What is important to be discussed is that the definition of resistant HTN adopted by many guidelines is based on maintenance of office BP values ≥140/90 mmHg after appropriate lifestyle measures have been taken by the patients and they are treated with optimal or best tolerated doses of at least three drugs (a thiazide/thiazide-like diuretic, a RAAS blocker and a CCB) [
1,
2,
4,
5]. However, the proposed cut-off BP values are discrepant to the target BP values which are <130/80 mm Hg for many hypertensive patients [
1,
2,
12]. For this reason, some authors suggest lower office BP values (<130/80 mmHg) for the definition of resistant HTN or values dependent on the target BP for the corresponding HTN population, which we completely agree with [
6,
16,
17,
18]. 2017 American Heart Association/American College of Cardiology taskforce defined resistant hypertension as uncontrolled BP ≥130/80 mm Hg while on optimal doses of at least three antihypertensives with one being a diuretic [
18]. This amendment of the criteria for resistant HTN may increase considerably percentage of patients with true resistant HTN [
3,
6,
16,
18]. On the other hand, prevalence will be lower if patients with normal out-of-office BP values are excluded from statistics: data from meta-analyses show that the percentage of patients that could be removed for this reason may vary from 14% to 37% [
3,
6,
18].
When discussing our results, we actually prefer to talk about “resistant HTN” instead of “true resistant HTN”, although we have practically applied ESC/ESH criteria for the latter [
1,
2]. To our opinion, this approach is more applicable for studies conducted in real clinical settings and also more important from clinical point of view. Definition of true resistant HTN requires exclusion of secondary (symptomatic) HTN due to a concomitant disease/condition [
1,
2,
4]. As seen from our results the majority of our patients with uncontrolled HTN have concomitant conditions/diseases, whose influence on BP cannot be ruled out, i.e. patients with HTN uncontrolled by ≥3 drugs who do not have any concomitant conditions, that may interfere with BP control are just a few. And even for them it is impossible to perform all possible laboratory and instrumental investigations that exist to completely exclude a symptomatic component of HTN (secondary HTN). As recommended by most guidelines on HTN, laboratory and instrumental investigations for detection of secondary HTN are justified only in the presence certain clinical features and/or pathological findings from routine investigations [
1,
2,
4,
18]. The problem is that absence of characteristic symptoms and signs of a secondary HTN does not exclude secondary HTN at all [
2,
3,
15,
16].
In our study CKD was the strongest predictor of resistant HTN: ~60% of patients with resistant HTN had CKD and chronic kidney dysfunction increased ~6.6-fold the odds ratio for difficult-to-control HTN. According to other authors ~60-80% of patients with a kidney disease have high BP and CKD increases 2-3 the likelihood for resistant HTN [
2,
3,
5,
19]. It is important to mention, that kidneys diseases are a very heterogeneous group of pathologies, not all of them related to BP elevation and progression to CKD [
3,
5,
13,
19]. In addition, many hypertensive patients have high BP preceding development of CKD for years as the scenario was for many of our CKD patients (data from the medical documentation) [
3,
5,
20]. Occurrence of CKD frequently deteriorates BP control, sometimes to the level of resistant HTN, but according to us it does not classify these patients as cases of secondary HTN [
2,
3,
5,
18]. For this reason, we regarded patients with CKD and uncontrolled HTN in our study as “resistant HTN patients”, but not “secondary HTN patients”, which should exclude many of them from the analysis.

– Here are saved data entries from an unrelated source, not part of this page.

(* Consider the sample version of the stable PC-like algorithm (SPC4LWF), in which each conditional independence query ''$u\perp\!\!\!\perp v\mid S$'' is answered by a fixed (possibly erroneous, e.g. estimated from data by statistical tests) deterministic rule depending only on $(u,v,S)$, with the answer symmetric in $u$ and $v$. Then the skeleton (the undirected graph $H$ obtained at the end of the skeleton recovery phase) is the same for every ordering $\mathrm{order}(V)$ of the variables.
   Context: Let $V$ be a finite set of variables. Skeleton recovery phase of SPC4LWF with an ordering $\mathrm{order}(V)$: let $H$ be the complete undirected graph on $V$. For $i=0,1,\dots,|V|-2$: first, for every vertex $x$, store $a_H(x)$ := the current set of vertices adjacent to $x$ in $H$; then, while possible, select (in an order determined by $\mathrm{order}(V)$) an ordered pair $(u,v)$ with $u\in a_H(v)$, $u,v$ still adjacent in $H$, and $|a_H(u)\setminus\{v\}|\ge i$; if there is $S\subseteq a_H(u)\setminus\{v\}$ with $|S|=i$ for which the query $u\perp\!\!\!\perp v\mid S$ is answered ''independent'', set $S_{uv}=S_{vu}=S$ and remove the edge $u-v$ from $H$. The stored sets $a_H$ are not updated within a level $i$; they are recomputed only at the start of the next level. *)

From mathcomp Require Import all_boot.
Set Implicit Arguments. Unset Strict Implicit. Unset Printing Implicit Defensive.

(* An undirected graph on V is represented by its symmetric set of ordered
   pairs (u,v) such that u - v is an edge. *)

Section SPC.
Variable V : finType.

Definition complete_graph : {set V * V} := [set p | p.1 != p.2].

Definition adj (E : {set V * V}) (x : V) : {set V} := [set y | (x, y) \in E].

Definition remove_edge (E : {set V * V}) (u v : V) : {set V * V} :=
  E :\ (u, v) :\ (v, u).

(* CI oracle: [ci u v S = true] means "u _||_ v | S" is answered independent *)
Variable ci : V -> V -> {set V} -> bool.

(* processing the selected ordered pair (u,v) at level i, with the stored
   (frozen) adjacency sets a *)
Definition spc_step (i : nat) (a : V -> {set V}) (E : {set V * V})
    (p : V * V) : {set V * V} :=
  let: (u, v) := p in
  if [&& u \in a v, (u, v) \in E, i <= #|a u :\ v|
       & [exists S : {set V}, [&& S \subset a u :\ v, #|S| == i & ci u v S]]]
  then remove_edge E u v else E.

Definition spc_level (ps : seq (V * V)) (E : {set V * V}) (i : nat)
    : {set V * V} :=
  let a := adj E in foldl (spc_step i a) E ps.

Definition spc_skeleton (ps : seq (V * V)) : {set V * V} :=
  foldl (spc_level ps) complete_graph (iota 0 #|V|.-1).

End SPC.

Definition is_ordering (V : finType) (o : seq V) : Prop := perm_eq o (enum V).

Definition pair_selection_rule (V : finType) (sel : seq V -> seq (V * V)) : Prop :=
  forall o, is_ordering o ->
    perm_eq (sel o) (enum [set p : V * V | p.1 != p.2]).

(** Within one level the adjacency sets are frozen, so whether the pair (u,v)
   would be cut does not depend on the current graph; the only dependence on
   the graph is the test that u - v is still present, and cutting an absent
   edge changes nothing.  Hence a level removes from the graph exactly the
   union of the edges u - v over the selected pairs passing the frozen test,
   a set that does not depend on the order in which the pairs are selected. *)

From mathcomp Require Import all_boot.
Set Implicit Arguments. Unset Strict Implicit. Unset Printing Implicit Defensive.

Section StableSkeleton.
Variable V : finType.
Variable ci : V -> V -> {set V} -> bool.

Definition undirected (E : {set V * V}) :=
  forall u v, ((u, v) \in E) = ((v, u) \in E).

Definition uedge (u v : V) : {set V * V} := [set (u, v); (v, u)].

Definition cut_test (i : nat) (a : V -> {set V}) (u v : V) :=
  [&& u \in a v, i <= #|a u :\ v|
    & [exists S : {set V}, [&& S \subset a u :\ v, #|S| == i & ci u v S]]].

Definition cut_edges i a (ps : seq (V * V)) : {set V * V} :=
  \bigcup_(p <- ps | cut_test i a p.1 p.2) uedge p.1 p.2.

Lemma uedge_undirected u v : undirected (uedge u v).
Proof. by move=> x y; rewrite !inE !xpair_eqE orbC andbC [(y == v) && _]andbC. Qed.

Lemma undirected_set0 : undirected set0.
Proof. by move=> x y; rewrite !inE. Qed.

Lemma undirectedU E F : undirected E -> undirected F -> undirected (E :|: F).
Proof. by move=> symE symF x y; rewrite !inE symE symF. Qed.

Lemma undirectedD E F : undirected E -> undirected F -> undirected (E :\: F).
Proof. by move=> symE symF x y; rewrite !inE symE symF. Qed.

Lemma cut_edges_undirected i a ps : undirected (cut_edges i a ps).
Proof.
apply: big_ind => [||p _]; last exact: uedge_undirected.
- exact: undirected_set0.
- exact: undirectedU.
Qed.

Lemma cut_edges_cons i a p ps :
  cut_edges i a (p :: ps) =
  (if cut_test i a p.1 p.2 then uedge p.1 p.2 else set0) :|: cut_edges i a ps.
Proof. by rewrite /cut_edges big_cons; case: ifP; rewrite ?set0U. Qed.

Lemma cut_edges_perm i a ps1 ps2 :
  perm_eq ps1 ps2 -> cut_edges i a ps1 = cut_edges i a ps2.
Proof. exact: perm_big. Qed.

Lemma remove_edgeE E u v : remove_edge E u v = E :\: uedge u v.
Proof. by rewrite /remove_edge setDDl. Qed.

Lemma setD_uedge_absent E u v :
  undirected E -> (u, v) \notin E -> E :\: uedge u v = E.
Proof.
move=> symE uvNE; apply/setP => p; rewrite !inE.
case: eqP => [->|_]; first by rewrite (negbTE uvNE) andbF.
by case: eqP => [->|_] //; rewrite -symE (negbTE uvNE) andbF.
Qed.

Lemma spc_stepE i a E u v : undirected E ->
  spc_step ci i a E (u, v) =
  E :\: (if cut_test i a u v then uedge u v else set0).
Proof.
move=> symE; rewrite /spc_step.
have [_|uvNE] := boolP ((u, v) \in E).
  by rewrite /= -/(cut_test i a u v); case: ifP; rewrite ?remove_edgeE ?setD0.
by rewrite /= andbF; case: ifP; rewrite ?setD0 ?setD_uedge_absent.
Qed.

Lemma foldl_spc_step i a E ps : undirected E ->
  foldl (spc_step ci i a) E ps = E :\: cut_edges i a ps.
Proof.
elim: ps E => [|[u v] ps IH] E symE; first by rewrite /cut_edges big_nil setD0.
have symE_step : undirected (spc_step ci i a E (u, v)).
  rewrite spc_stepE //; apply: undirectedD => //.
  by case: ifP => _; [exact: uedge_undirected | exact: undirected_set0].
by apply: etrans (IH _ symE_step) _; rewrite spc_stepE // cut_edges_cons setDDl.
Qed.

Lemma spc_levelE ps E i : undirected E ->
  spc_level ci ps E i = E :\: cut_edges i (adj E) ps.
Proof. exact: foldl_spc_step. Qed.

Lemma spc_level_undirected ps E i : undirected E -> undirected (spc_level ci ps E i).
Proof.
by move=> symE; rewrite spc_levelE //; apply: undirectedD (cut_edges_undirected _ _ _).
Qed.

Lemma foldl_spc_level_perm ps1 ps2 levels E : perm_eq ps1 ps2 -> undirected E ->
  foldl (spc_level ci ps1) E levels = foldl (spc_level ci ps2) E levels.
Proof.
move=> eq_ps; elim: levels E => [|i levels IH] E symE //.
have eq_level : spc_level ci ps1 E i = spc_level ci ps2 E i.
  by rewrite !spc_levelE // (cut_edges_perm _ _ eq_ps).
by apply: etrans (IH _ (spc_level_undirected ps1 i symE)) _; rewrite eq_level.
Qed.

Lemma complete_graph_undirected : undirected (complete_graph V).
Proof. by move=> u v; rewrite !inE eq_sym. Qed.

End StableSkeleton.

Theorem theorem2 (V : finType) (ci : V -> V -> {set V} -> bool)
    (ci_sym : forall (u v : V) (S : {set V}), ci u v S = ci v u S)
    (sel : seq V -> seq (V * V)) (Hsel : pair_selection_rule sel)
    (o1 o2 : seq V) (Ho1 : is_ordering o1) (Ho2 : is_ordering o2) :
  spc_skeleton ci (sel o1) = spc_skeleton ci (sel o2).
Proof.
have eq_sel : perm_eq (sel o1) (sel o2).
  by rewrite (perm_trans (Hsel _ Ho1)) // perm_sym Hsel.
by rewrite /spc_skeleton (foldl_spc_level_perm _ _ eq_sel (@complete_graph_undirected V)).
Qed.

Other factors in our patient’s population strongly associated with resistant HTN were overweight/obesity, insulin resistance/type 2 diabetes, increasing the odds ratio for uncontrolled HTN ~2.6, 2.1 and 1.9-fold respectively. According to other authors diabetes increases the likelihood for resistant HTN ~ 2-fold and obesity - 2 to 4.5-fold [
3,
5,
21,
22,
23]. For smoking most publications we found mentioned only that it more common among patients with resistant HTN, but no details about the level of association was presented [
2,
18,
22,
24] . These concomitant pathologies must be taken into consideration, when planning therapeutic strategy because they are very common among patients with high BP. Interestingly, despite there is strong evidence that obesity and smoking are involved in BP elevation, these conditions/diseases are usually not regarded as etiologies for “secondary HTN” in contrast to kidney diseases [
1,
2,
3,
4].
Other conditions strongly associated in our study with development of resistant HTN were IHD, stage II and stage III HTN. In the study of Smith et al. 38% of patients with coronary artery disease had resistant HTN [
25]. In addition, these patients had much worse cardiovascular outcomes compared to patients with IHD with controlled HTN [
25]. According to us, the very IHD and drugs used for it are unlikely to cause directly resistance to HTN treatment. The link between these 2 diseases is probably increased activity of renin-angiotensin-aldosterone and sympathetic nervous system, causing vasoconstriction, increased arterial resistance, endothelial damage and vascular remodeling [
6,
9,
10,
11,
26,
27]. These processes are involved not only in the mechanisms of development of HTN, but also in coronary atherosclerosis, clinically manifested with IHD [
9,
11,
20,
26]. Some of the discussed mechanisms are probably responsible also for the changed circadian BP rhythm and impaired dipping state [
5,
28,
29]. In our study pathological deviations in BP dipping state were significantly more common among patients with resistant (in ~53%) versus controlled HTN (~12%). Other authors (Ingabire et al.) have found a non-dipping pattern of BP in up to 78% of their patients with uncontrolled HTN [
30]. High prevalence of non-dipping and reverse dipping we found among our population with resistant HTN is important for 2 main reasons: 1. These conditions are recognized risk factors for major adverse cardiac events; 2. They require careful elaboration of antihypertensive strategy (choice of antihypertensive classes, preference of drugs with high through-to-peak ratio, regiment for drug intake, etc.).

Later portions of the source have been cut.